(* If $(\rho,V)$ is an $R[G_n]$-module of $\psi$-Whittaker type, then the restriction map $\mathcal{W}(V,\psi_R)\to\mathrm{Ind}_{N_n}^{P_n}\psi_R$, $W\mapsto W|_{P_n}$, is surjective.
   Context: Let $p$ be a prime, $q$ a power of $p$, $G_n=\mathrm{GL}_n(\mathbb{F}_q)$, $R$ a commutative Noetherian $\mathbb{Z}[\frac1p,\zeta_p]$-algebra with $0\ne1$. $N_n$ is the upper unipotent subgroup and $P_n$ the mirabolic subgroup (matrices with last row $(0,\dots,0,1)$). Fix nontrivial $\psi:(\mathbb{F}_q,+)\to\mathbb{Z}[\frac1p,\zeta_p]^\times$, with image $\psi_R$ in $R^\times$, a character of $N_n$ via $u\mapsto\psi_R(\sum_iu_{i,i+1})$. $\mathrm{Ind}_{N_n}^{H}\psi_R=\{f:H\to R: f(uh)=\psi_R(u)f(h)\}$ for $H=P_n,G_n$. $V$ is of $\psi$-Whittaker type if its $(N_n,\psi_R)$-coinvariants are free of rank one over $R$; a generator $\lambda$ of their $R$-dual gives $V\to\mathrm{Ind}_{N_n}^{G_n}\psi_R$, $v\mapsto(g\mapsto\lambda(\overline{gv}))$, with image the Whittaker model $\mathcal{W}(V,\psi_R)$. *)

From HB Require Import structures.
From mathcomp Require Import all_boot all_order all_algebra all_fingroup all_field.
Set Implicit Arguments. Unset Strict Implicit. Unset Printing Implicit Defensive.
Import GRing.Theory.
Local Open Scope ring_scope.

Definition is_ideal (R : comNzRingType) (I : R -> Prop) : Prop :=
  [/\ I 0, (forall x y, I x -> I y -> I (x + y)) & (forall r x, I x -> I (r * x))].

Definition noetherian (R : comNzRingType) : Prop :=
  forall I : nat -> R -> Prop,
    (forall k, is_ideal (I k)) -> (forall k x, I k x -> I k.+1 x) ->
    exists m, forall k x, (m <= k)%N -> I k x -> I m x.

(* psi_R(a) = zeta ^ e(a), where zeta is the image in R of the primitive p-th root
   of unity zeta_p and e : F_q -> Z/p is additive (psi = zeta_p ^ e). *)
Definition psiR (R : comNzRingType) (F : finFieldType) (zeta : R) (e : F -> nat) (a : F) : R :=
  zeta ^+ e a.

(* G_n = GL_{n+1}(F) (matrix size n.+1). *)
Definition unipotent (F : finFieldType) (n : nat) : {set {'GL_n.+1[F]}} :=
  [set g : {'GL_n.+1[F]} | [forall i : 'I_n.+1, [forall j : 'I_n.+1,
      (((j < i)%N ==> (GLval g i j == 0)) && ((i == j) ==> (GLval g i j == 1)))]]].

Definition mirabolic (F : finFieldType) (n : nat) : {set {'GL_n.+1[F]}} :=
  [set g : {'GL_n.+1[F]} | [forall j : 'I_n.+1, GLval g ord_max j == (j == ord_max)%:R]].

Definition psiN (R : comNzRingType) (F : finFieldType) (n : nat) (psi : F -> R)
  (u : {'GL_n.+1[F]}) : R :=
  psi (\sum_(i < n) GLval u (widen_ord (leqnSn n) i) (lift ord0 i)).

Definition is_rep (R : comNzRingType) (G : finGroupType) (V : lmodType R)
  (rho : G -> V -> V) : Prop :=
  [/\ (forall g a u v, rho g (a *: u + v) = a *: rho g u + rho g v),
      (forall v, rho 1%g v = v) &
      (forall g h v, rho (g * h)%g v = rho g (rho h v))].

(* kernel of V -> V_{N,chi}: the R-span of rho(u) v - chi(u) v, u in N *)
Definition coinv_ker (R : comNzRingType) (G : finGroupType) (V : lmodType R)
  (rho : G -> V -> V) (N : {set G}) (chi : G -> R) (v : V) : Prop :=
  exists s : seq (R * (G * V)),
    all (fun x => x.2.1 \in N) s /\
    v = \sum_(x <- s) x.1 *: (rho x.2.1 x.2.2 - chi x.2.1 *: x.2.2).

(* (N,chi)-coinvariants free of rank one over R: some v0 whose class is a basis
   of V / coinv_ker. *)
Definition whittaker_type (R : comNzRingType) (G : finGroupType) (V : lmodType R)
  (rho : G -> V -> V) (N : {set G}) (chi : G -> R) : Prop :=
  exists v0 : V, forall v : V,
    exists! r : R, coinv_ker rho N chi (v - r *: v0).

(* R-linear functionals on V_{N,chi} = R-linear functionals on V vanishing on the kernel *)
Definition coinv_functional (R : comNzRingType) (G : finGroupType) (V : lmodType R)
  (rho : G -> V -> V) (N : {set G}) (chi : G -> R) (mu : V -> R) : Prop :=
  (forall a u v, mu (a *: u + v) = a * mu u + mu v) /\
  (forall v, coinv_ker rho N chi v -> mu v = 0).

Definition dual_generator (R : comNzRingType) (G : finGroupType) (V : lmodType R)
  (rho : G -> V -> V) (N : {set G}) (chi : G -> R) (lam : V -> R) : Prop :=
  coinv_functional rho N chi lam /\
  (forall mu, coinv_functional rho N chi mu -> exists r : R, forall v, mu v = r * lam v).

Definition whittaker_model (R : comNzRingType) (G : finGroupType) (V : lmodType R)
  (rho : G -> V -> V) (lam : V -> R) (W : G -> R) : Prop :=
  exists v : V, forall g, W g = lam (rho g v).

(* Ind_N^H chi: functions on H with f(u h) = chi(u) f(h) (values off H irrelevant) *)
Definition in_Ind (R : comNzRingType) (G : finGroupType) (N H : {set G}) (chi : G -> R)
  (f : G -> R) : Prop :=
  forall u h, u \in N -> h \in H -> f (u * h)%g = chi u * f h.

From HB Require Import structures.
From mathcomp Require Import all_boot all_order all_algebra all_fingroup all_field.
From mathcomp Require Import pgroup abelian.
From Stdlib Require Import IndefiniteDescription.
Set Implicit Arguments. Unset Strict Implicit. Unset Printing Implicit Defensive.
Import GRing.Theory.
Local Open Scope ring_scope.

(* Averaging a vector v0 with lam v0 = 1 against psi^-1 over N gives v1 with
   u v1 = psi(u) v1 for u in N, so Phi(g) = lam(g v1) is (N, psi)-bi-equivariant
   and Phi(1) = |N|, a power of p and hence a unit of R.  A bi-equivariant
   function vanishes on the mirabolic P outside N: for h in P \ N there are
   u, u' in N with u h = h u' (conjugates of elementary unipotents by h) whose
   psi-arguments differ, and the nondegeneracy of psi forces Phi(h) = 0.  Thus
   Phi is |N| psi on N and 0 on P \ N, and the convolution
   v = |N|^-2 sum_(x in P) f(x) x^-1 v1 satisfies lam(h v) = f(h) on P. *)

Definition nondegenerate_char (F : zmodType) (R : comNzRingType) (chi : F -> R) : Prop :=
  [/\ {morph chi : x y / x + y >-> x * y}, chi 0 = 1
    & forall c, (forall x, chi x * c = c) -> c = 0].

Lemma nondegenerate_char_twist (F : fieldType) (R : comNzRingType) (chi : F -> R)
    (a b : F) (c : R) :
  nondegenerate_char chi -> a != b ->
  (forall t, chi (t * a) * c = c * chi (t * b)) -> c = 0.
Proof.
move=> [chiD chi0 chi_fix] ab twist; apply: chi_fix => x.
pose t := x / (a - b).
have ta : t * a = t * b + x.
  have tab : t * (a - b) = x by rewrite divfK // subr_eq0.
  by rewrite -tab mulrBr addrC subrK.
have chiN : chi (- (t * b)) * chi (t * b) = 1 by rewrite -chiD addNr chi0.
have := twist t; rewrite ta chiD => twist_t.
transitivity (chi (- (t * b)) * (chi (t * b) * chi x * c)); first by rewrite !mulrA chiN mul1r.
by rewrite twist_t mulrCA chiN mulr1.
Qed.

Lemma expr_unity_sum (R : comNzRingType) (p : nat) (zeta : R) :
  \sum_(i < p) zeta ^+ i = 0 -> zeta ^+ p = 1.
Proof. by move=> zeta_sum; apply/eqP; rewrite -subr_eq0 subrX1 zeta_sum mulr0. Qed.

Lemma unity_sum_fixed_eq0 (R : comNzRingType) (p s : nat) (zeta c pinv : R) :
  prime p -> p%:R * pinv = 1 -> \sum_(i < p) zeta ^+ i = 0 -> ~~ (p %| s)%N ->
  zeta ^+ s * c = c -> c = 0.
Proof.
move=> p_pr pinvE zeta_sum p'_s fix_s.
have fixX m : zeta ^+ (s * m) * c = c.
  by elim: m => [|m IHm]; rewrite ?muln0 ?mul1r // mulnS exprD -mulrA IHm.
have s_gt0 : (0 < s)%N by rewrite lt0n; apply: contraNneq p'_s => ->.
have fix1 : zeta * c = c.
  have [km kn Bezout _] := egcdnP p s_gt0.
  have /eqnP s_p_coprime : coprime s p by rewrite coprime_sym prime_coprime.
  have := fixX km; rewrite mulnC Bezout s_p_coprime exprD mulnC exprM.
  by rewrite (expr_unity_sum zeta_sum) expr1n mul1r expr1.
have fix_sum : \sum_(i < p) zeta ^+ i * c = c *+ p.
  rewrite -[in RHS](card_ord p) -sumr_const; apply: eq_bigr => i _.
  by elim: (nat_of_ord i) => [|m IHm]; rewrite ?mul1r // exprS -mulrA IHm.
move: fix_sum; rewrite -mulr_suml zeta_sum mul0r => /esym c_p.
by rewrite -[c]mul1r -pinvE mulrAC mulr_natl c_p mul0r.
Qed.

Section AdditiveCharacter.
Variables (R : comNzRingType) (F : finFieldType) (p : nat) (zeta : R) (e : F -> nat).
Hypotheses (zeta_sum : \sum_(i < p) zeta ^+ i = 0)
  (e_add : forall a b : F, e (a + b) = e a + e b %[mod p]).

Let zeta_p := expr_unity_sum zeta_sum.

Lemma psiR_add : {morph psiR zeta e : x y / x + y >-> x * y}.
Proof. by move=> a b; rewrite /psiR -exprD -(expr_mod _ zeta_p) e_add expr_mod. Qed.

Lemma psiR0 : psiR zeta e 0 = 1.
Proof.
have := e_add 0 0; rewrite addr0 -{1}[e 0]addn0 => /eqP; rewrite eqn_modDl mod0n => /eqP e0.
by rewrite /psiR -(expr_mod _ zeta_p) -e0 expr0.
Qed.

Lemma psiR_nondegenerate (pinv : R) : prime p -> p%:R * pinv = 1 ->
  (exists a, e a %% p != 0)%N -> nondegenerate_char (psiR zeta e).
Proof.
move=> p_pr pinvE [a ea]; split; [exact: psiR_add | exact: psiR0 |] => c fix_c.
exact: (unity_sum_fixed_eq0 (s := e a) p_pr pinvE zeta_sum ea (fix_c a)).
Qed.

End AdditiveCharacter.

Definition bi_equivariant (R : comNzRingType) (G : finGroupType) (N : {set G})
    (chi : G -> R) (Phi : G -> R) : Prop :=
  forall u g, u \in N -> Phi (u * g)%g = chi u * Phi g /\ Phi (g * u)%g = Phi g * chi u.

Section Coinvariants.
Variables (R : comNzRingType) (G : finGroupType) (V : lmodType R).
Variables (rho : G -> V -> V) (N : {set G}) (chi : G -> R).

Lemma coinv_ker0 : coinv_ker rho N chi 0.
Proof. by exists [::]; rewrite big_nil. Qed.

Lemma coinv_kerD x y :
  coinv_ker rho N chi x -> coinv_ker rho N chi y -> coinv_ker rho N chi (x + y).
Proof.
move=> [s1 [s1N ->]] [s2 [s2N ->]].
by exists (s1 ++ s2); rewrite all_cat s1N s2N big_cat.
Qed.

Lemma coinv_kerZ a x : coinv_ker rho N chi x -> coinv_ker rho N chi (a *: x).
Proof.
move=> [s [sN ->]]; exists [seq (a * y.1, y.2) | y <- s]; rewrite all_map.
by split=> //; rewrite big_map scaler_sumr; apply: eq_bigr => y _; rewrite scalerA.
Qed.

Lemma coinv_ker_gen u w : u \in N -> coinv_ker rho N chi (rho u w - chi u *: w).
Proof. by move=> uN; exists [:: (1, (u, w))]; rewrite /= uN big_seq1 scale1r. Qed.

Lemma whittaker_type_functional : whittaker_type rho N chi ->
  exists2 mu, coinv_functional rho N chi mu & exists w0, mu w0 = 1.
Proof.
move=> [w0 w0P]; have /all_sig [mu muP] : forall v, {r | coinv_ker rho N chi (v - r *: w0)}.
  by move=> v; apply: constructive_indefinite_description; have [r [] *] := w0P v; exists r.
have muE v r : coinv_ker rho N chi (v - r *: w0) -> mu v = r.
  by have [r0 [_ r0P]] := w0P v => /r0P <-; apply/esym/r0P.
exists mu; last by exists w0; apply: muE; rewrite scale1r subrr; apply: coinv_ker0.
split=> [a u v | v vN]; last by apply: muE; rewrite scale0r subr0.
apply: muE; have -> : a *: u + v - (a * mu u + mu v) *: w0 =
    a *: (u - mu u *: w0) + (v - mu v *: w0).
  by rewrite scalerDl -scalerA scalerBr opprD addrACA.
by apply: coinv_kerD; [apply: coinv_kerZ |].
Qed.

Section Functional.
Variable lam : V -> R.
Hypothesis lamP : coinv_functional rho N chi lam.

Lemma lam0 : lam 0 = 0.
Proof. by case: lamP => _; apply; apply: coinv_ker0. Qed.

Lemma lamD u v : lam (u + v) = lam u + lam v.
Proof. by case: lamP => lin _; have := lin 1 u v; rewrite scale1r mul1r. Qed.

Lemma lamZ a u : lam (a *: u) = a * lam u.
Proof. by case: lamP => lin _; rewrite -[a *: u]addr0 lin lam0 addr0. Qed.

Lemma lam_sum (I : Type) (r : seq I) (P : pred I) (F : I -> V) :
  lam (\sum_(i <- r | P i) F i) = \sum_(i <- r | P i) lam (F i).
Proof. exact: (big_morph lam lamD lam0). Qed.

Lemma lam_rho u w : u \in N -> lam (rho u w) = chi u * lam w.
Proof.
move=> uN; case: lamP => _ /(_ _ (coinv_ker_gen w uN)) /eqP.
by rewrite lamD -scaleN1r lamZ lamZ mulN1r addr_eq0 opprK => /eqP.
Qed.

End Functional.

Lemma dual_generator_attains1 lam : whittaker_type rho N chi ->
  dual_generator rho N chi lam -> exists v0, lam v0 = 1.
Proof.
move=> /whittaker_type_functional [mu muP [w0 mu_w0]] [lamP lam_gen].
have [r muE] := lam_gen mu muP.
by exists (r *: w0); rewrite (lamZ lamP) -muE.
Qed.

End Coinvariants.

Section RestrictionOnto.
Variables (R : comNzRingType) (G : finGroupType) (V : lmodType R).
Variables (rho : G -> V -> V) (N P : {group G}) (chi : G -> R) (lam : V -> R).
Hypotheses (rho_rep : is_rep rho) (lamP : coinv_functional rho N chi lam).

Lemma rho0 g : rho g 0 = 0.
Proof.
case: rho_rep => lin _ _; have := lin g 1 0 0; rewrite !scale1r addr0 => rho00.
by apply: (addIr (rho g 0)); rewrite add0r -rho00.
Qed.

Lemma rhoD g u v : rho g (u + v) = rho g u + rho g v.
Proof. by case: rho_rep => lin _ _; have := lin g 1 u v; rewrite !scale1r. Qed.

Lemma rhoZ g a u : rho g (a *: u) = a *: rho g u.
Proof. by case: rho_rep => lin _ _; rewrite -[a *: u]addr0 lin rho0 addr0. Qed.

Lemma rho_sum g (I : Type) (r : seq I) (Q : pred I) (F : I -> V) :
  rho g (\sum_(i <- r | Q i) F i) = \sum_(i <- r | Q i) rho g (F i).
Proof. exact: (big_morph (rho g) (rhoD g) (rho0 g)). Qed.

Lemma rhoM g h v : rho (g * h)%g v = rho g (rho h v).
Proof. by case: rho_rep. Qed.

Lemma rho1 v : rho 1%g v = v.
Proof. by case: rho_rep. Qed.

Variable v0 : V.
Hypothesis lam_v0 : lam v0 = 1.

Lemma coinv_char1 : chi 1%g = 1.
Proof. by have := lam_rho lamP v0 (group1 N); rewrite rho1 lam_v0 mulr1. Qed.

Lemma coinv_charM x y : x \in N -> y \in N -> chi (x * y)%g = chi x * chi y.
Proof.
move=> xN yN; have := lam_rho lamP v0 (groupM xN yN).
by rewrite rhoM !(lam_rho lamP) // lam_v0 !mulr1.
Qed.

Lemma coinv_charV x : x \in N -> chi (x^-1)%g * chi x = 1.
Proof. by move=> xN; rewrite -coinv_charM ?groupV // mulVg coinv_char1. Qed.

Let v1 := \sum_(u in N) chi (u^-1)%g *: rho u v0.

Lemma rho_eigenvector u : u \in N -> rho u v1 = chi u *: v1.
Proof.
move=> uN; rewrite rho_sum scaler_sumr (reindex_inj (mulgI u^-1)%g) /=.
apply: eq_big => [x | x]; rewrite groupMl ?groupV // => xN.
by rewrite rhoZ -rhoM mulKVg invMg invgK coinv_charM ?groupV // mulrC scalerA.
Qed.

--- Assigned task ---
Through the line that contains "of unity zeta_p", copy the material above exactly, beginning at its first line and including nothing more.

--- Task response ---
(* If $(\rho,V)$ is an $R[G_n]$-module of $\psi$-Whittaker type, then the restriction map $\mathcal{W}(V,\psi_R)\to\mathrm{Ind}_{N_n}^{P_n}\psi_R$, $W\mapsto W|_{P_n}$, is surjective.
   Context: Let $p$ be a prime, $q$ a power of $p$, $G_n=\mathrm{GL}_n(\mathbb{F}_q)$, $R$ a commutative Noetherian $\mathbb{Z}[\frac1p,\zeta_p]$-algebra with $0\ne1$. $N_n$ is the upper unipotent subgroup and $P_n$ the mirabolic subgroup (matrices with last row $(0,\dots,0,1)$). Fix nontrivial $\psi:(\mathbb{F}_q,+)\to\mathbb{Z}[\frac1p,\zeta_p]^\times$, with image $\psi_R$ in $R^\times$, a character of $N_n$ via $u\mapsto\psi_R(\sum_iu_{i,i+1})$. $\mathrm{Ind}_{N_n}^{H}\psi_R=\{f:H\to R: f(uh)=\psi_R(u)f(h)\}$ for $H=P_n,G_n$. $V$ is of $\psi$-Whittaker type if its $(N_n,\psi_R)$-coinvariants are free of rank one over $R$; a generator $\lambda$ of their $R$-dual gives $V\to\mathrm{Ind}_{N_n}^{G_n}\psi_R$, $v\mapsto(g\mapsto\lambda(\overline{gv}))$, with image the Whittaker model $\mathcal{W}(V,\psi_R)$. *)

From HB Require Import structures.
From mathcomp Require Import all_boot all_order all_algebra all_fingroup all_field.
Set Implicit Arguments. Unset Strict Implicit. Unset Printing Implicit Defensive.
Import GRing.Theory.
Local Open Scope ring_scope.

Definition is_ideal (R : comNzRingType) (I : R -> Prop) : Prop :=
  [/\ I 0, (forall x y, I x -> I y -> I (x + y)) & (forall r x, I x -> I (r * x))].

Definition noetherian (R : comNzRingType) : Prop :=
  forall I : nat -> R -> Prop,
    (forall k, is_ideal (I k)) -> (forall k x, I k x -> I k.+1 x) ->
    exists m, forall k x, (m <= k)%N -> I k x -> I m x.

(* psi_R(a) = zeta ^ e(a), where zeta is the image in R of the primitive p-th root
   of unity zeta_p and e : F_q -> Z/p is additive (psi = zeta_p ^ e). *)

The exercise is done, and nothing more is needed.